# Insulating Cold and Warm Air Ducts



## JALEXED2 (Sep 3, 2009)

I'm not particularly happy with my home's air conditioning.  It is a 2 story with vaulted ceilings and the second floor does not cool sufficiently.  I had an HVAC company by a few years ago to check the freon, etc... and he indicated everything was fine and the HVAC system was sized properly.  So I'm guessing I'm OK on that issue.

However, none of the ducts were insulated at the time of construction.  I am guessing it was an option and not required by local building codes.  I have noticed some new home construction contractors are insulating ducts but failed to look close enough to see if they were insulating only the warm air ducts or were also including the cold air returns.  

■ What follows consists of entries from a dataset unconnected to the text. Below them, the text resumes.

Lemma sigma_germ_event E s : Sigma E -> Sigma (inter (inter E G) (cyl om s)).
Proof. intros; apply sigma_inter, hcyl; auto. apply sigma_inter; auto. Qed.

Lemma germ_seq_cv E : Sigma E -> Un_cv (germ_seq E) (germ_mass E).
Proof.
  intros HE. destruct (decreasing_ge0_cv (germ_seq E)) as [l Hl].
  - intros n; apply (fap_mono Sigma hS P hP); try apply sigma_germ_event; auto.
    intros w [H1 H2]; split; auto. apply (cyl_antimono om (S n) n); auto.
  - intros n; apply (fap_ge0 Sigma P hP), sigma_germ_event; auto.
  - unfold germ_mass; rewrite (lim_eq _ l Hl); auto.
Qed.

Lemma germ_mass_bounds E : Sigma E -> 0 <= germ_mass E <= P E.
Proof.
  intros HE. split.
  - apply (Un_cv_ge_eventually _ _ 0 0 (germ_seq_cv E HE)). intros n _.
    apply (fap_ge0 Sigma P hP), sigma_germ_event; auto.
  - apply (Un_cv_le_eventually _ _ (P E) 0 (germ_seq_cv E HE)). intros n _.
    apply (fap_mono Sigma hS P hP); try apply sigma_germ_event; auto.
    intros w [[H _] _]; auto.
Qed.

Hypothesis hmass : germ_mass fullset > 0.

Definition germ_prob (E : event) : R := germ_mass E / germ_mass fullset.

Lemma germ_prob_one X t : (forall w, G w -> cyl om t w -> X w) -> germ_prob X = 1.
Proof.
  intros HX. unfold germ_prob.
  replace (germ_mass X) with (germ_mass fullset); [field; lra|].
  symmetry; apply lim_eq.
  apply (Un_cv_eventually_eq _ _ _ t (germ_seq_cv fullset (sigma_full Sigma hS))).
  intros n Hn; unfold germ_seq; f_equal.
  apply event_ext; intros w; unfold inter, fullset. split; [tauto|].
  intros [[_ HGw] Hw]; repeat split; auto.
  apply HX; auto. apply (cyl_antimono om n t); auto.
Qed.

Lemma germ_mass_add E F : Sigma E -> Sigma F -> disjoint E F ->
  germ_mass (union E F) = germ_mass E + germ_mass F.
Proof.
  intros HE HF Hd. apply lim_eq.
  apply (Un_cv_eventually_eq (fun s => germ_seq E s + germ_seq F s) _ _ 0).
  - apply CV_plus; apply germ_seq_cv; auto.
  - intros n _. unfold germ_seq. rewrite <- (fap_add Sigma P hP).
    + f_equal; apply event_ext; intros w; unfold inter, union; tauto.
    + apply sigma_germ_event; auto.
    + apply sigma_germ_event; auto.
    + intros w [[H1 _] _] [[H2 _] _]; apply (Hd w); auto.
Qed.

Lemma germ_prob_fap : is_fap Sigma germ_prob.
Proof.
  split; [|split].
  - apply (germ_prob_one fullset 0). intros; exact I.
  - intros E HE. destruct (germ_mass_bounds E HE).
    unfold germ_prob, Rdiv. apply Rmult_le_pos; auto.
    left; apply Rinv_0_lt_compat; auto.
  - intros E F HE HF Hd. unfold germ_prob.
    rewrite germ_mass_add by auto. unfold Rdiv; ring.
Qed.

I will be finishing the basement and have an opportunity to insulate the ductwork in the basement.  I intend on insulating the warm air ducts but I wonder about the effectiveness of insulating the cold air returns.

I have seen in earlier posts that it is recommended, if not required, to install a cold air return in the basement.  I've got that covered but still wonder about insulating the cold air return ducts.

Any thoughts out there on this?  Thanks.


----------



## kok328 (Sep 3, 2009)

I can't think of any benefit to insulating return air ducts.  This air will be re-conditioned by the hvac unit.


----------